● **PROMPT**: Only one portion of the data is to be written out: from the line bearing "Lemma sumL_PZhat_mul (w" through the line bearing "apply avgMK_ext_in; intros m k Hm". Write it exactly as it appears.

+++

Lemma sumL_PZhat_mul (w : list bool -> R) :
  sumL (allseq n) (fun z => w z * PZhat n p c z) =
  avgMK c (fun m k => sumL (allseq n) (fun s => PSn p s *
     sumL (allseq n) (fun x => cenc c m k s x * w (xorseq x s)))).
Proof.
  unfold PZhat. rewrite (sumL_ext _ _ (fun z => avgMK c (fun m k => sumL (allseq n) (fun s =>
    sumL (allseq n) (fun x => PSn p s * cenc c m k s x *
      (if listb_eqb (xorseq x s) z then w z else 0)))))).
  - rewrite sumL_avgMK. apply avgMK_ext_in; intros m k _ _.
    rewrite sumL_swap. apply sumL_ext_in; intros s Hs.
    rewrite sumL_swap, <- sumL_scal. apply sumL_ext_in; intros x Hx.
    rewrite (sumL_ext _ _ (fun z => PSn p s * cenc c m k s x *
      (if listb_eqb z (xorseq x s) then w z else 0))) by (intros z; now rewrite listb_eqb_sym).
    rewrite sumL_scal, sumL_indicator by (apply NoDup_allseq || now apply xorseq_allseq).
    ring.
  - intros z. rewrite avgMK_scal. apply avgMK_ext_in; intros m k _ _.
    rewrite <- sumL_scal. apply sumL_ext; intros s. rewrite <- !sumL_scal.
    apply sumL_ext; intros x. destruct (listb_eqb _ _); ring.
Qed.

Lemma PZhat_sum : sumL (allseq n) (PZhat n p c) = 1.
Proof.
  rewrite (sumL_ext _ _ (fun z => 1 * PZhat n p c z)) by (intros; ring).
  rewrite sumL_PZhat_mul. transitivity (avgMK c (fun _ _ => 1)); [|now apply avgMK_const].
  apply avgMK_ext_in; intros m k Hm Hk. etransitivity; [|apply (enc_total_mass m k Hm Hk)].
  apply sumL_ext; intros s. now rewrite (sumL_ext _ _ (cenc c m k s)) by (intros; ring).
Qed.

+++

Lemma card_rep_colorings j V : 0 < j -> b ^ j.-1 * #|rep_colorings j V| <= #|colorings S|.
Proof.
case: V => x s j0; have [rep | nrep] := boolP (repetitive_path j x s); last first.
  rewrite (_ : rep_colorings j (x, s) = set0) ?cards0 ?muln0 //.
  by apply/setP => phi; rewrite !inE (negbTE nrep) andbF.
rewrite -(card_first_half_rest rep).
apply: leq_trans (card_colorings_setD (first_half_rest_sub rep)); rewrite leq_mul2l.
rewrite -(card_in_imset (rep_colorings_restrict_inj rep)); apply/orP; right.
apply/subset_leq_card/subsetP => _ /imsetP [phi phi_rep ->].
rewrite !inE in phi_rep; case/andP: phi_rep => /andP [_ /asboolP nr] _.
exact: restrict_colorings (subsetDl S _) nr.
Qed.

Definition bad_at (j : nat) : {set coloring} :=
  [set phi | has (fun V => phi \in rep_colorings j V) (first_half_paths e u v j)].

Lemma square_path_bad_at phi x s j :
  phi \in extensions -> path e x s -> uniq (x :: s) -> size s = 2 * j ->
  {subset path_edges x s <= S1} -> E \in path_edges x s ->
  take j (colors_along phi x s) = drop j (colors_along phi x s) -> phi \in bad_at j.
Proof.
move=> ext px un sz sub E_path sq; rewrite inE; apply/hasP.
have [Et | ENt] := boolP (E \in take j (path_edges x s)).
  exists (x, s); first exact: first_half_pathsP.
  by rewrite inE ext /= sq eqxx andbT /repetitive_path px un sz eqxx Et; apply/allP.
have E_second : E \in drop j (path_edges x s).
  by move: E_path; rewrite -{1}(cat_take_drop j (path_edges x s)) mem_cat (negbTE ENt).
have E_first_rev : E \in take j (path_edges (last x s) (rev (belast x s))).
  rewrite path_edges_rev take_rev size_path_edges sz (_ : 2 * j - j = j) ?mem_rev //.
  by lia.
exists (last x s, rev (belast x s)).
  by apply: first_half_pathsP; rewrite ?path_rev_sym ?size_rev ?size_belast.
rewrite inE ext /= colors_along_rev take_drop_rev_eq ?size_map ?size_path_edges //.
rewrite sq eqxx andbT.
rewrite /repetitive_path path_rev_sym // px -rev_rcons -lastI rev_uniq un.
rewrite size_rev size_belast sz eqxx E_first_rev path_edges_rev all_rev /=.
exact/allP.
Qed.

+++

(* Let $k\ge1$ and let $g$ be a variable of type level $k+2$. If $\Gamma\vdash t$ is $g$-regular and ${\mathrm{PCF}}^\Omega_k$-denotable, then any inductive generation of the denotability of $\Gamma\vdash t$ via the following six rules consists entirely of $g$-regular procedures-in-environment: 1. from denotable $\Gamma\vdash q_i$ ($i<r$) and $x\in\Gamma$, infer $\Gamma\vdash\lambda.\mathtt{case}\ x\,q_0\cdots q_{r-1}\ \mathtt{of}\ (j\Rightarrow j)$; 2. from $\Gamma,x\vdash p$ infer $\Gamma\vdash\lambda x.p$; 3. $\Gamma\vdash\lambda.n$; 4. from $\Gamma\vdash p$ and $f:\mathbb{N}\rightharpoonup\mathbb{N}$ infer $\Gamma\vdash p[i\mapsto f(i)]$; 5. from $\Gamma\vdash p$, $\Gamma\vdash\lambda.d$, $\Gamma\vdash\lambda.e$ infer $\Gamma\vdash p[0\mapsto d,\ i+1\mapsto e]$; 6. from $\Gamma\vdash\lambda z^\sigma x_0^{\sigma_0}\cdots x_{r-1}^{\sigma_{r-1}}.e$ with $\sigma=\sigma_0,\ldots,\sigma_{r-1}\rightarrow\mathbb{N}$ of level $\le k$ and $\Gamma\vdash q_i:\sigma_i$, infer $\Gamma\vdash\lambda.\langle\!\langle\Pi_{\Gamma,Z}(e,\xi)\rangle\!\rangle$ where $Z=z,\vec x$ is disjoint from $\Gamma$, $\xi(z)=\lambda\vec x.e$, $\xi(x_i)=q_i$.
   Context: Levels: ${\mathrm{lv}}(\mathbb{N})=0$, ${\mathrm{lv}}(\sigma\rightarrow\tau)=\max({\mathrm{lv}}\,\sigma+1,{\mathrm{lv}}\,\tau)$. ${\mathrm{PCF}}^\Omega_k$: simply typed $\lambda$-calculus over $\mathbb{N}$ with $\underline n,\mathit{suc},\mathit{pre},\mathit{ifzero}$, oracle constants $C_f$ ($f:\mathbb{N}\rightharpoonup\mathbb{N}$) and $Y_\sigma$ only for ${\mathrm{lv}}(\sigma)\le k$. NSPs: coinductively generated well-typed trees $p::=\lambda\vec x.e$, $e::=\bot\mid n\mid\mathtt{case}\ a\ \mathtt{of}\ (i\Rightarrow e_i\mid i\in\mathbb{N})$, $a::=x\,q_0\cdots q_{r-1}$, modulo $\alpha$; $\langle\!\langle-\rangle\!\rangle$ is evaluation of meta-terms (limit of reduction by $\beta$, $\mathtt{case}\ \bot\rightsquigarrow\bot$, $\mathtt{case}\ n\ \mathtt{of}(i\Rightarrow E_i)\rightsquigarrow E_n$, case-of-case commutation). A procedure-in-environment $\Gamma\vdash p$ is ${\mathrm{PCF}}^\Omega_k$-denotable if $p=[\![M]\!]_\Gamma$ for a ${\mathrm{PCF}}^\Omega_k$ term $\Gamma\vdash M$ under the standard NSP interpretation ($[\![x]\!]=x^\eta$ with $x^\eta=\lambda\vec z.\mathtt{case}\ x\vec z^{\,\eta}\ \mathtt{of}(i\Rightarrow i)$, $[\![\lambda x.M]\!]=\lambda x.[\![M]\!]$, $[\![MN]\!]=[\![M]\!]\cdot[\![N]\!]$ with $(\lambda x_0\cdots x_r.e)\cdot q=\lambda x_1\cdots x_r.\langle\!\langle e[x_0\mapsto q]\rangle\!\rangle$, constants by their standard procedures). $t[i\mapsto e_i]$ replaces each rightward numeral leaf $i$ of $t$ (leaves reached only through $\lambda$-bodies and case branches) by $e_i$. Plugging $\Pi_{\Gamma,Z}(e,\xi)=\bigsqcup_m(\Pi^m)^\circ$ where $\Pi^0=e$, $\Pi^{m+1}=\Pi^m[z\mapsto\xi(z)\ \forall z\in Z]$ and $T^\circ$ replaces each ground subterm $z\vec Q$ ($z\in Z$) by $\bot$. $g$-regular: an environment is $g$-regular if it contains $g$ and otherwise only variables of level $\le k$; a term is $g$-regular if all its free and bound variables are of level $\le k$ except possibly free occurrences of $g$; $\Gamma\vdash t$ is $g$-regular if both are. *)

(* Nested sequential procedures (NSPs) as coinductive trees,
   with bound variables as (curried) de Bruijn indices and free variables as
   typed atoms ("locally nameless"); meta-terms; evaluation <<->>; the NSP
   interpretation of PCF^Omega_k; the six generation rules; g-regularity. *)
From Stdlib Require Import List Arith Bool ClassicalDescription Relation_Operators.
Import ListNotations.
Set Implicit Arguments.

+++

● **ANSWER SPACE**:
Lemma sumL_PZhat_mul (w : list bool -> R) :
  sumL (allseq n) (fun z => w z * PZhat n p c z) =
  avgMK c (fun m k => sumL (allseq n) (fun s => PSn p s *
     sumL (allseq n) (fun x => cenc c m k s x * w (xorseq x s)))).
Proof.
  unfold PZhat. rewrite (sumL_ext _ _ (fun z => avgMK c (fun m k => sumL (allseq n) (fun s =>
    sumL (allseq n) (fun x => PSn p s * cenc c m k s x *
      (if listb_eqb (xorseq x s) z then w z else 0)))))).
  - rewrite sumL_avgMK. apply avgMK_ext_in; intros m k _ _.
    rewrite sumL_swap. apply sumL_ext_in; intros s Hs.
    rewrite sumL_swap, <- sumL_scal. apply sumL_ext_in; intros x Hx.
    rewrite (sumL_ext _ _ (fun z => PSn p s * cenc c m k s x *
      (if listb_eqb z (xorseq x s) then w z else 0))) by (intros z; now rewrite listb_eqb_sym).
    rewrite sumL_scal, sumL_indicator by (apply NoDup_allseq || now apply xorseq_allseq).
    ring.
  - intros z. rewrite avgMK_scal. apply avgMK_ext_in; intros m k _ _.
    rewrite <- sumL_scal. apply sumL_ext; intros s. rewrite <- !sumL_scal.
    apply sumL_ext; intros x. destruct (listb_eqb _ _); ring.
Qed.

Lemma PZhat_sum : sumL (allseq n) (PZhat n p c) = 1.
Proof.
  rewrite (sumL_ext _ _ (fun z => 1 * PZhat n p c z)) by (intros; ring).
  rewrite sumL_PZhat_mul. transitivity (avgMK c (fun _ _ => 1)); [|now apply avgMK_const].
  apply avgMK_ext_in; intros m k Hm Hk. etransitivity; [|apply (enc_total_mass m k Hm Hk)].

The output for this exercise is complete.